(Available data)
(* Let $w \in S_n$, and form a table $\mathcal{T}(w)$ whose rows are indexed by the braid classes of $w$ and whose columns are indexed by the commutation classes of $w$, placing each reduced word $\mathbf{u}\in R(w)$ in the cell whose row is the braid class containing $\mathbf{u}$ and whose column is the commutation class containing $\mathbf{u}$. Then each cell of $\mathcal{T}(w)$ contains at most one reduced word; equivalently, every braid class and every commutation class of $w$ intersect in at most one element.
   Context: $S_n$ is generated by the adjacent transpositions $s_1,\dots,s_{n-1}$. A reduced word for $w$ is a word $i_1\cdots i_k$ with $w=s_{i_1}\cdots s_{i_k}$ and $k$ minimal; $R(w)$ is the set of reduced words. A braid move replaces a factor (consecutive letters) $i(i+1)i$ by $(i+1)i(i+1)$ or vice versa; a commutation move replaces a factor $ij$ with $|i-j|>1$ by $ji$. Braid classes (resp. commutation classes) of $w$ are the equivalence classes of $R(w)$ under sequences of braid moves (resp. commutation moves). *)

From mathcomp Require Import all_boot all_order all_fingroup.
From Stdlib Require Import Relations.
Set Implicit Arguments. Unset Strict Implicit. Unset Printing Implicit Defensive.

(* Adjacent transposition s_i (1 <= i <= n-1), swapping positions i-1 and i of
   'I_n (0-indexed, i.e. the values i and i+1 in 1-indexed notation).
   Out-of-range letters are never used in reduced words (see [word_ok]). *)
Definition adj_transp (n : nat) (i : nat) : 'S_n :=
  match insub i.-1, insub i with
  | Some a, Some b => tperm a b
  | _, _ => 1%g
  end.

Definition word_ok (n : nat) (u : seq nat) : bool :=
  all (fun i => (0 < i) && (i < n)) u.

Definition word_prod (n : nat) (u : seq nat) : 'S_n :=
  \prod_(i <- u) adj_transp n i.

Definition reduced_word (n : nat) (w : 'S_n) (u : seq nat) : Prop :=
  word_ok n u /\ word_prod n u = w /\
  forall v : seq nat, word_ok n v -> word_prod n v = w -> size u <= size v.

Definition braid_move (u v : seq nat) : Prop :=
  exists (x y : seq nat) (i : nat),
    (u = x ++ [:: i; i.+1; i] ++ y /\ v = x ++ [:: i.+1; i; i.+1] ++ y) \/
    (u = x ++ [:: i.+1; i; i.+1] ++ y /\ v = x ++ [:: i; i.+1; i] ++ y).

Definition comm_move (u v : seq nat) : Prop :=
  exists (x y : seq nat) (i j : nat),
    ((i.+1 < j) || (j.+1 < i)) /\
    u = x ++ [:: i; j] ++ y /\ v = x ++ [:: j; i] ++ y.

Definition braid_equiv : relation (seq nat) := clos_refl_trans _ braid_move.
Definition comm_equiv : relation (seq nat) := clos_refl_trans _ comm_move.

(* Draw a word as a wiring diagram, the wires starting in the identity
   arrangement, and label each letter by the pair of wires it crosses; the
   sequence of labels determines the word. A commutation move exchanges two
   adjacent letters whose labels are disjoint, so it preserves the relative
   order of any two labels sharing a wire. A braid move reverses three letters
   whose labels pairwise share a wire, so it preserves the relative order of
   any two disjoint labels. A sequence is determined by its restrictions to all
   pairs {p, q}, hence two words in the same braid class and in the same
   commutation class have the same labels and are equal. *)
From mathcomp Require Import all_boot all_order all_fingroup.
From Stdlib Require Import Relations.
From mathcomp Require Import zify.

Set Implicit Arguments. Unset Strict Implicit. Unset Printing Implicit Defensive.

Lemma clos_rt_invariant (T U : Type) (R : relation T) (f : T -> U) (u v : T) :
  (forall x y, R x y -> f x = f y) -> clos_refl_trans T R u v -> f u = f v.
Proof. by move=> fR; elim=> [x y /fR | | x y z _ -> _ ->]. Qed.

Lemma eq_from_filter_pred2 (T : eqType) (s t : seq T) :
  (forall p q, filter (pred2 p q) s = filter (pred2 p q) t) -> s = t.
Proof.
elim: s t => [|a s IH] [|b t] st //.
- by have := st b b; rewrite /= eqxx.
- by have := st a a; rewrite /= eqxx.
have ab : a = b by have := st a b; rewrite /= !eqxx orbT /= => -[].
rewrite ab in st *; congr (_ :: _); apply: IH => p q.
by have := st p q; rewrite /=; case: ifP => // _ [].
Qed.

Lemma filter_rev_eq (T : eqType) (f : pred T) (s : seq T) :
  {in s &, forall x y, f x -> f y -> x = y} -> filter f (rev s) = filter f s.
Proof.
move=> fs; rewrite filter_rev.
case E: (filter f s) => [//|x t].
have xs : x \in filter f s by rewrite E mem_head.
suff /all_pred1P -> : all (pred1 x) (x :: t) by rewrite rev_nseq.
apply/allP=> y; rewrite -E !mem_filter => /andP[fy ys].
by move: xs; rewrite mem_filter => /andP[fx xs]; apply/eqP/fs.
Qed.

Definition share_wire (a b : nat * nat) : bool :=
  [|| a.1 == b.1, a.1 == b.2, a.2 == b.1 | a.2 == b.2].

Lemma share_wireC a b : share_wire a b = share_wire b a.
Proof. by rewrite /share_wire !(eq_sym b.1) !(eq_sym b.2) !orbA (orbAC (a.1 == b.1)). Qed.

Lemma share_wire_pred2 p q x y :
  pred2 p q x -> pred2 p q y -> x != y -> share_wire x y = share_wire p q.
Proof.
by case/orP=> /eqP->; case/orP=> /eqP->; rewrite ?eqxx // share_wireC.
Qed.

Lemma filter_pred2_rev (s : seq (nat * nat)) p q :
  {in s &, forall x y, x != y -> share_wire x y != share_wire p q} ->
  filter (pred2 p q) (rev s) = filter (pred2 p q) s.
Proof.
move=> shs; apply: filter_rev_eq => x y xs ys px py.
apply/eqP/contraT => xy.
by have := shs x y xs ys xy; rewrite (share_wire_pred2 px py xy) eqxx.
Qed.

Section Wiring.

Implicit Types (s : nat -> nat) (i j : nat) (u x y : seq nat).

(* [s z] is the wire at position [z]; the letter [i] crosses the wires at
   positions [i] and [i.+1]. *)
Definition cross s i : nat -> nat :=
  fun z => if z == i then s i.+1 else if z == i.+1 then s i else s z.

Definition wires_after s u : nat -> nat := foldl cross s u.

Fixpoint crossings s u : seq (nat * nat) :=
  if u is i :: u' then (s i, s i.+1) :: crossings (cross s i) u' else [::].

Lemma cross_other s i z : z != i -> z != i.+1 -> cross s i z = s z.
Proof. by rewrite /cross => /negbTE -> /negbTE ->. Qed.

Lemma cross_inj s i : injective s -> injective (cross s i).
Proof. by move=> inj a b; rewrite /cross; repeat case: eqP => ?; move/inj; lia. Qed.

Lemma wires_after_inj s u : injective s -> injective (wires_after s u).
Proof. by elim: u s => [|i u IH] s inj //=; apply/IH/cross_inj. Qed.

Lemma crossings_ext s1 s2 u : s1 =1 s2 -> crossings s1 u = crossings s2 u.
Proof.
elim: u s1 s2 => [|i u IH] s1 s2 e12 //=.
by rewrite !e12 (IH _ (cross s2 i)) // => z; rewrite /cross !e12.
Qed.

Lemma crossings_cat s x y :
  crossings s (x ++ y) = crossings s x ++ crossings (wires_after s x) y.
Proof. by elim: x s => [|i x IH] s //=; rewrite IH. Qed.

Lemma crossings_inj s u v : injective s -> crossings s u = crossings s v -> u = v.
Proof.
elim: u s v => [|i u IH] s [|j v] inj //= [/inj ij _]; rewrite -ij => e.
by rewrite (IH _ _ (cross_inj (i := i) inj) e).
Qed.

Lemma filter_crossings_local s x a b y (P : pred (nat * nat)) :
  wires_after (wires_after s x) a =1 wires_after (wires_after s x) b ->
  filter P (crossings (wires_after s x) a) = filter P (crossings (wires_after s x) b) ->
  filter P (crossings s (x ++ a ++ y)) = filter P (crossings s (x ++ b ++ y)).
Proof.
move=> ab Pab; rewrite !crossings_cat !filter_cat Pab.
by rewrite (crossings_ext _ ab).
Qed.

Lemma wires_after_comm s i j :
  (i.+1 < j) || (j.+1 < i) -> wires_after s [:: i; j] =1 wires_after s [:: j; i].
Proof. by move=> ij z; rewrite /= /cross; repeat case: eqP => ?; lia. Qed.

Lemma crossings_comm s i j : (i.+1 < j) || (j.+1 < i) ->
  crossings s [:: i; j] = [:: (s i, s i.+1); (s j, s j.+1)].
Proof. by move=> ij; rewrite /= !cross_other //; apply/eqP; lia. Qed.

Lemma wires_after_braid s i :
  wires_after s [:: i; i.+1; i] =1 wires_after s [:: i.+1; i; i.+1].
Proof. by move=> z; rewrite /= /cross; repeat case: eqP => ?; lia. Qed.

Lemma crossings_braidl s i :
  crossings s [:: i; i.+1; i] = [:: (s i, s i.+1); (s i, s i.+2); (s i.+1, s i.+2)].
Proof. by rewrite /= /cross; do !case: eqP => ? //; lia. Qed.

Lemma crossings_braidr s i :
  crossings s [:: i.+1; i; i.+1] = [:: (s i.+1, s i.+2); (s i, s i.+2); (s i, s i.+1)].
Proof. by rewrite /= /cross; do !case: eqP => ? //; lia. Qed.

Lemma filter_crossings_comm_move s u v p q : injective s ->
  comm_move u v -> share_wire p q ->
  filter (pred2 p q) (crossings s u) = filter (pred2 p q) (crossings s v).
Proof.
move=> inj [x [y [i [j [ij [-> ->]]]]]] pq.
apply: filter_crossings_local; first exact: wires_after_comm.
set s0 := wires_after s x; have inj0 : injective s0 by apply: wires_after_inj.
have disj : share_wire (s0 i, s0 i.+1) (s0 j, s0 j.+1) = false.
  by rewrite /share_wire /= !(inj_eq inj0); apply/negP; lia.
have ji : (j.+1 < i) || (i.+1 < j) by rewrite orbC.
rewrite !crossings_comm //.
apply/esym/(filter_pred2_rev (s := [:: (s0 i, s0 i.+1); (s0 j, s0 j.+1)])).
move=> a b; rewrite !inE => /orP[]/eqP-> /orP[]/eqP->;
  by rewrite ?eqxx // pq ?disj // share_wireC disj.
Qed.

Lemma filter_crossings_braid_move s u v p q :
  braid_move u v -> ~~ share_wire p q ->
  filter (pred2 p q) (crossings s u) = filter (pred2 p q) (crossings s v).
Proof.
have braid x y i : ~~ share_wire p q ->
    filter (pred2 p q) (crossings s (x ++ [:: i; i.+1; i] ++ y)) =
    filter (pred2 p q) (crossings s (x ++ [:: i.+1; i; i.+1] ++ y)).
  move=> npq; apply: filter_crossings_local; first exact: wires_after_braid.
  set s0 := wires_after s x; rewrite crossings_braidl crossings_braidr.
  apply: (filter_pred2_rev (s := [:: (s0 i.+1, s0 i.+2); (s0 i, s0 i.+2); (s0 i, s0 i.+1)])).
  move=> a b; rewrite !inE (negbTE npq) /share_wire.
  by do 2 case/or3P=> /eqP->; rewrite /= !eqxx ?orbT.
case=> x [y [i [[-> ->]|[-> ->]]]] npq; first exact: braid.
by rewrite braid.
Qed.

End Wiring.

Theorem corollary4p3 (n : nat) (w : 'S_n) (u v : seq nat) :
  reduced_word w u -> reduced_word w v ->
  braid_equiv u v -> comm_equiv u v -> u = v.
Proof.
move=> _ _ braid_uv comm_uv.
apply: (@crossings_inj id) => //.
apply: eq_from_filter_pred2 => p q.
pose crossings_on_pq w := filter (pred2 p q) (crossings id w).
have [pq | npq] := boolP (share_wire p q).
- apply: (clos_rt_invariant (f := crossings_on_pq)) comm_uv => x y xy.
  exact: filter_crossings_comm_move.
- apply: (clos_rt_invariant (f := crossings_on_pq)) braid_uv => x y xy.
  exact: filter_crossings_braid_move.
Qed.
(End Available data)
(Available data)
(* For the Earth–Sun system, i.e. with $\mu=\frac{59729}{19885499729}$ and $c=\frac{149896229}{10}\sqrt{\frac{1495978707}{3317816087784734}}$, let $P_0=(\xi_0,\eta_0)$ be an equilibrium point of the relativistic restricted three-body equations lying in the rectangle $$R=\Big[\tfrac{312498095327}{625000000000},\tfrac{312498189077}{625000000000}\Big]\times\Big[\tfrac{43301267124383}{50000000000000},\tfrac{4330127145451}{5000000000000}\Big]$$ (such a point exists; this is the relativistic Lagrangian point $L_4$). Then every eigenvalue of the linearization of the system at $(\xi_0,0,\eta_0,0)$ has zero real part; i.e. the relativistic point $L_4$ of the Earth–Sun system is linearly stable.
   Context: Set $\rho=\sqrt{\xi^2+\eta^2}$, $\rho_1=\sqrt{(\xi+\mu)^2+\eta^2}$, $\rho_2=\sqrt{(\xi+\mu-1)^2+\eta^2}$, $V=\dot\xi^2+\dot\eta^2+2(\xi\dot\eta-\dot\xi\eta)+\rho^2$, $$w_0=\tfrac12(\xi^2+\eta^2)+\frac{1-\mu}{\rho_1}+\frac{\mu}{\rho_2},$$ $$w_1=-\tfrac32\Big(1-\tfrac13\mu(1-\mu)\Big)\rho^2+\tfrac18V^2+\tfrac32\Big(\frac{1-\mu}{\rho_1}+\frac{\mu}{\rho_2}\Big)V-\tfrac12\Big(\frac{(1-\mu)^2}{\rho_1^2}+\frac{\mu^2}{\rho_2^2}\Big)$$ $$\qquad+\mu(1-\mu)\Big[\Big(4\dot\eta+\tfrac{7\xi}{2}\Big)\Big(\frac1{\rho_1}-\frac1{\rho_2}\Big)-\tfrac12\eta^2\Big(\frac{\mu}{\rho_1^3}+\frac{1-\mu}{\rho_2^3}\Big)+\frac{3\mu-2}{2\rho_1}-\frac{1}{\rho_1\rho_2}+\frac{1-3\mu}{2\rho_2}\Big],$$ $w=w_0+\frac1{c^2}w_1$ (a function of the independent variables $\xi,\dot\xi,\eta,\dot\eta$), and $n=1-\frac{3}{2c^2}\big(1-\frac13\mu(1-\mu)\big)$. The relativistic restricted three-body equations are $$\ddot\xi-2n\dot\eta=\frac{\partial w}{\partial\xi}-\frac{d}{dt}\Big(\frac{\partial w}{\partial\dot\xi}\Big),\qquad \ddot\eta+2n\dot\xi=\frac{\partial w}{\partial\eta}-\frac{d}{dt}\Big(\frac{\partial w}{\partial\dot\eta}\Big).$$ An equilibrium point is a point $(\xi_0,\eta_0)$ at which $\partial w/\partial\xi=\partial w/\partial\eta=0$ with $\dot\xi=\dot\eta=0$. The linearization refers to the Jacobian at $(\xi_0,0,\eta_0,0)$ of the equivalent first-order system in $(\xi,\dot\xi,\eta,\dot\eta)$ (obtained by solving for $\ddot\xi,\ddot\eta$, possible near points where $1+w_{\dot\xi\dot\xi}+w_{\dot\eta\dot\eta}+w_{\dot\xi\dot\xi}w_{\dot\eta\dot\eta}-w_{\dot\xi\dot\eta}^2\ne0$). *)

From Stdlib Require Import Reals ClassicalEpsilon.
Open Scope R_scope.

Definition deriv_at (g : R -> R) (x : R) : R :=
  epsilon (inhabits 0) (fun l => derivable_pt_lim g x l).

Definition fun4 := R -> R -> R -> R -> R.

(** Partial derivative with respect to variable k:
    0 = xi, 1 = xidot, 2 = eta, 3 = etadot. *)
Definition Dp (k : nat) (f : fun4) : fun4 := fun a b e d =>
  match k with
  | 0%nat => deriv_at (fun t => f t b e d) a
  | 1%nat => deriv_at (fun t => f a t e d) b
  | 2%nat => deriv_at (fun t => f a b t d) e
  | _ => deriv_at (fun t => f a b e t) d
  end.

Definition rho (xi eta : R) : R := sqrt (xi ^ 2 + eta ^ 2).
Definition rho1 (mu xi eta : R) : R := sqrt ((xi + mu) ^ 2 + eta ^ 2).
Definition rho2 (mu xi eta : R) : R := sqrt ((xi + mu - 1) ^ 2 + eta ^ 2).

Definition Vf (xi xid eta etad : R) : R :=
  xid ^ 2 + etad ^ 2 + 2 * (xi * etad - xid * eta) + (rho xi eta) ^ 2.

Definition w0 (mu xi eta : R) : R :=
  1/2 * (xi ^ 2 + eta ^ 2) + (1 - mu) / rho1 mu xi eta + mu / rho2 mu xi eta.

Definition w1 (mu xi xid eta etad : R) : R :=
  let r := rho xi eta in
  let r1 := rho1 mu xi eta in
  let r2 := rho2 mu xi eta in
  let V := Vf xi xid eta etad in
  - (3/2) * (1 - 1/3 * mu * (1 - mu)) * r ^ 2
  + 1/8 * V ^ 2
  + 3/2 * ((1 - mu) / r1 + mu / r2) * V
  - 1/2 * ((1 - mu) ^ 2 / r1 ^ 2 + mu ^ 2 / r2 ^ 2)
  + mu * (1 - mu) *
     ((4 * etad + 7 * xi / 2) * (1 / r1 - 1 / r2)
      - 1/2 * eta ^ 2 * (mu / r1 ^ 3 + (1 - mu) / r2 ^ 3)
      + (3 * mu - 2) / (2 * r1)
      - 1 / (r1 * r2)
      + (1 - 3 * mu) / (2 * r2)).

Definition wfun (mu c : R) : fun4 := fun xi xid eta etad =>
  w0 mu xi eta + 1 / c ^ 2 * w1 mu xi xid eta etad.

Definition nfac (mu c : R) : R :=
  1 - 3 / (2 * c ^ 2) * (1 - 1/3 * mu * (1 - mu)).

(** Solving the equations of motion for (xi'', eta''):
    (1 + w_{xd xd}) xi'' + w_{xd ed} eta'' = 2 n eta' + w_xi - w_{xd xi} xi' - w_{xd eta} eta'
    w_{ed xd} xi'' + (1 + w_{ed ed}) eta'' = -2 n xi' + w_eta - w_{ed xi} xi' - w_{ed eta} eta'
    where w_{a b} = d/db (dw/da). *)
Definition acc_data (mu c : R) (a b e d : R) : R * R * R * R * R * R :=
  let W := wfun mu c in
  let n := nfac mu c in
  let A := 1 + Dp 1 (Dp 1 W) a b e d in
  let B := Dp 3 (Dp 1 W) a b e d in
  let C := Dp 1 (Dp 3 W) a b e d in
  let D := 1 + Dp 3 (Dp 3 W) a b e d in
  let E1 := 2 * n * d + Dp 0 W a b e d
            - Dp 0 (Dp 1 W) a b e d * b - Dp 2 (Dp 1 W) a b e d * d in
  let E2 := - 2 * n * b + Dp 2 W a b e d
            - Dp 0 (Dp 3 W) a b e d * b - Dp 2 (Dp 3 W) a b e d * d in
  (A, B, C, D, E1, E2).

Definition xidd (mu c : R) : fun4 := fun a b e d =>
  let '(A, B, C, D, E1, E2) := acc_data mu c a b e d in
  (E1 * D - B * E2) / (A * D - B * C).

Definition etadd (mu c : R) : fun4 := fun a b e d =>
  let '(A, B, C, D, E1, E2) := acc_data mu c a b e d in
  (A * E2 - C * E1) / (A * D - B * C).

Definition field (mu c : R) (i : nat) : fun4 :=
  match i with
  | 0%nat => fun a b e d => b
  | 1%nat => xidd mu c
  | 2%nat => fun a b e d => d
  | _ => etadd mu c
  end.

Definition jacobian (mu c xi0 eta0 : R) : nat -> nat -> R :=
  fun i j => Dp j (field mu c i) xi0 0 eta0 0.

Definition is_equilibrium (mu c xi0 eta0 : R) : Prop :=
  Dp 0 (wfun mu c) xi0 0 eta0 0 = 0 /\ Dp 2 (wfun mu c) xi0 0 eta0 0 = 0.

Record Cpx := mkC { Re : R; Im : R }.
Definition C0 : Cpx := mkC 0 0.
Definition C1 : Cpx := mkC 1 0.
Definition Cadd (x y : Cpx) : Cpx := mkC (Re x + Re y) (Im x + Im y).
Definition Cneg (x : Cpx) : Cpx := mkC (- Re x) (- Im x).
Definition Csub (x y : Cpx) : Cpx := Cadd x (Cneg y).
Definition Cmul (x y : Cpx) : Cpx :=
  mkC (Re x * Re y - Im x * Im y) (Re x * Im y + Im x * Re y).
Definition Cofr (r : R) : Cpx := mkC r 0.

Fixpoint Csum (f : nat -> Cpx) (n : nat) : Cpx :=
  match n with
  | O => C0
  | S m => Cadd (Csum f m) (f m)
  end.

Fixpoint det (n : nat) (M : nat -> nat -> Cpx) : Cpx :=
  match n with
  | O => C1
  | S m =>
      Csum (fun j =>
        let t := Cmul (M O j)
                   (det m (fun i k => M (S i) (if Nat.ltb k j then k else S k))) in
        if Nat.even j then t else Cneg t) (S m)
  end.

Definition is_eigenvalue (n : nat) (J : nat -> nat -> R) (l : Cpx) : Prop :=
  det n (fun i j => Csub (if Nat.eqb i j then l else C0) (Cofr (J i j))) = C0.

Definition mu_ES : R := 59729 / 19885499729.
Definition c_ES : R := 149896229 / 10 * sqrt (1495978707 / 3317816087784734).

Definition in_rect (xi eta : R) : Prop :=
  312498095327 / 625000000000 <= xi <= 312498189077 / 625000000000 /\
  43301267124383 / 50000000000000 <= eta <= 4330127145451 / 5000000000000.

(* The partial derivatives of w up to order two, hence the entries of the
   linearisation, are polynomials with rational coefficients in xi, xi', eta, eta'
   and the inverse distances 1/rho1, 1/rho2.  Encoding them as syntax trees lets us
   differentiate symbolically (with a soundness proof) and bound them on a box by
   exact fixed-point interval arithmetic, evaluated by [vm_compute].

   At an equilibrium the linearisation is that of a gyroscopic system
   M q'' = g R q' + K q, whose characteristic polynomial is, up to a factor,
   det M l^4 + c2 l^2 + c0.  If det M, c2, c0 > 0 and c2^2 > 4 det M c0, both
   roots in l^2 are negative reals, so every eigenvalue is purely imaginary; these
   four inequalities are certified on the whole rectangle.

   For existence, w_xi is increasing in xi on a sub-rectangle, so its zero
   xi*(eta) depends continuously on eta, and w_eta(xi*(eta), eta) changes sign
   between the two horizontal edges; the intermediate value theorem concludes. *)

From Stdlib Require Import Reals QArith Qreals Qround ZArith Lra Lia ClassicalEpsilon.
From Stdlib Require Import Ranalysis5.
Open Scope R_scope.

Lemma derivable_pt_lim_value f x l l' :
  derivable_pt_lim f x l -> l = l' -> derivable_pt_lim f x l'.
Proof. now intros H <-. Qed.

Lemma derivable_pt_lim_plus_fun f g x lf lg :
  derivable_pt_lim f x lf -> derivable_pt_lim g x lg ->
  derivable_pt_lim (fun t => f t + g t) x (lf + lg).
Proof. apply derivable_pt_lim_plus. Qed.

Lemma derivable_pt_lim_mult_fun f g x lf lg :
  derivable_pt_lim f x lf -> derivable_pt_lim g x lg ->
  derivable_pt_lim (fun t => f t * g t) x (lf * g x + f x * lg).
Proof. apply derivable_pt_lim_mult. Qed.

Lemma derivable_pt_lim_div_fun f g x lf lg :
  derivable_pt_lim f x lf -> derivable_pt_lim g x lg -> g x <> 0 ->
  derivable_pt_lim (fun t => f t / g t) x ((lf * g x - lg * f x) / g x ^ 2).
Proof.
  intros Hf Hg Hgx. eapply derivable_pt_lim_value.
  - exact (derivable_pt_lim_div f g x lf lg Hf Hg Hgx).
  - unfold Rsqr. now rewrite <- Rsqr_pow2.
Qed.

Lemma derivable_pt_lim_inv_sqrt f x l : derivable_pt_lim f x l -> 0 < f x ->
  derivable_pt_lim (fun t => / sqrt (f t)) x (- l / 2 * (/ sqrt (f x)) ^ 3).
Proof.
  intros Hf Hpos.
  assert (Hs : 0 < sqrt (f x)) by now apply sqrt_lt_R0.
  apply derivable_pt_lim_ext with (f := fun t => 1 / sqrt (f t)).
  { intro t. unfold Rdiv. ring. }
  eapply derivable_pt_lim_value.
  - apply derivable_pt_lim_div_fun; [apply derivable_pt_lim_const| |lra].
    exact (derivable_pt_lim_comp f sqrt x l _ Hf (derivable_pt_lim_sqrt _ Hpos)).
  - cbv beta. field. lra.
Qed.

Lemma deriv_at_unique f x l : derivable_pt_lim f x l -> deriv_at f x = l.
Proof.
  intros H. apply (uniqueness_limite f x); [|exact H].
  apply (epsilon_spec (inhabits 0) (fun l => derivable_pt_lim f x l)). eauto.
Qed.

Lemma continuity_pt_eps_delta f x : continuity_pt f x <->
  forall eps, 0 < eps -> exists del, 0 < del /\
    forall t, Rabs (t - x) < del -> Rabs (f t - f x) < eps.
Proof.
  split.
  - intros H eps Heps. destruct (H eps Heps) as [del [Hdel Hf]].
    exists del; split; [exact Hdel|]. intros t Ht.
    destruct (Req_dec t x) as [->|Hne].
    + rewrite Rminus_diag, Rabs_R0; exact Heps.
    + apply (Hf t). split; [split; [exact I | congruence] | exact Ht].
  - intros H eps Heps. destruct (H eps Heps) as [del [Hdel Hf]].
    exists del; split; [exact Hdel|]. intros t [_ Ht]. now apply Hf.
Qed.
(End Available data)
[Exercise directions] Once the line with "(* Let $w \in" is found in the records above, print exactly that line and every line after it through the line with "match insub i.-1, insub i with".

[Answer section]
(* Let $w \in S_n$, and form a table $\mathcal{T}(w)$ whose rows are indexed by the braid classes of $w$ and whose columns are indexed by the commutation classes of $w$, placing each reduced word $\mathbf{u}\in R(w)$ in the cell whose row is the braid class containing $\mathbf{u}$ and whose column is the commutation class containing $\mathbf{u}$. Then each cell of $\mathcal{T}(w)$ contains at most one reduced word; equivalently, every braid class and every commutation class of $w$ intersect in at most one element.
   Context: $S_n$ is generated by the adjacent transpositions $s_1,\dots,s_{n-1}$. A reduced word for $w$ is a word $i_1\cdots i_k$ with $w=s_{i_1}\cdots s_{i_k}$ and $k$ minimal; $R(w)$ is the set of reduced words. A braid move replaces a factor (consecutive letters) $i(i+1)i$ by $(i+1)i(i+1)$ or vice versa; a commutation move replaces a factor $ij$ with $|i-j|>1$ by $ji$. Braid classes (resp. commutation classes) of $w$ are the equivalence classes of $R(w)$ under sequences of braid moves (resp. commutation moves). *)

From mathcomp Require Import all_boot all_order all_fingroup.
From Stdlib Require Import Relations.
Set Implicit Arguments. Unset Strict Implicit. Unset Printing Implicit Defensive.

(* Adjacent transposition s_i (1 <= i <= n-1), swapping positions i-1 and i of
   'I_n (0-indexed, i.e. the values i and i+1 in 1-indexed notation).
   Out-of-range letters are never used in reduced words (see [word_ok]). *)
Definition adj_transp (n : nat) (i : nat) : 'S_n :=
  match insub i.-1, insub i with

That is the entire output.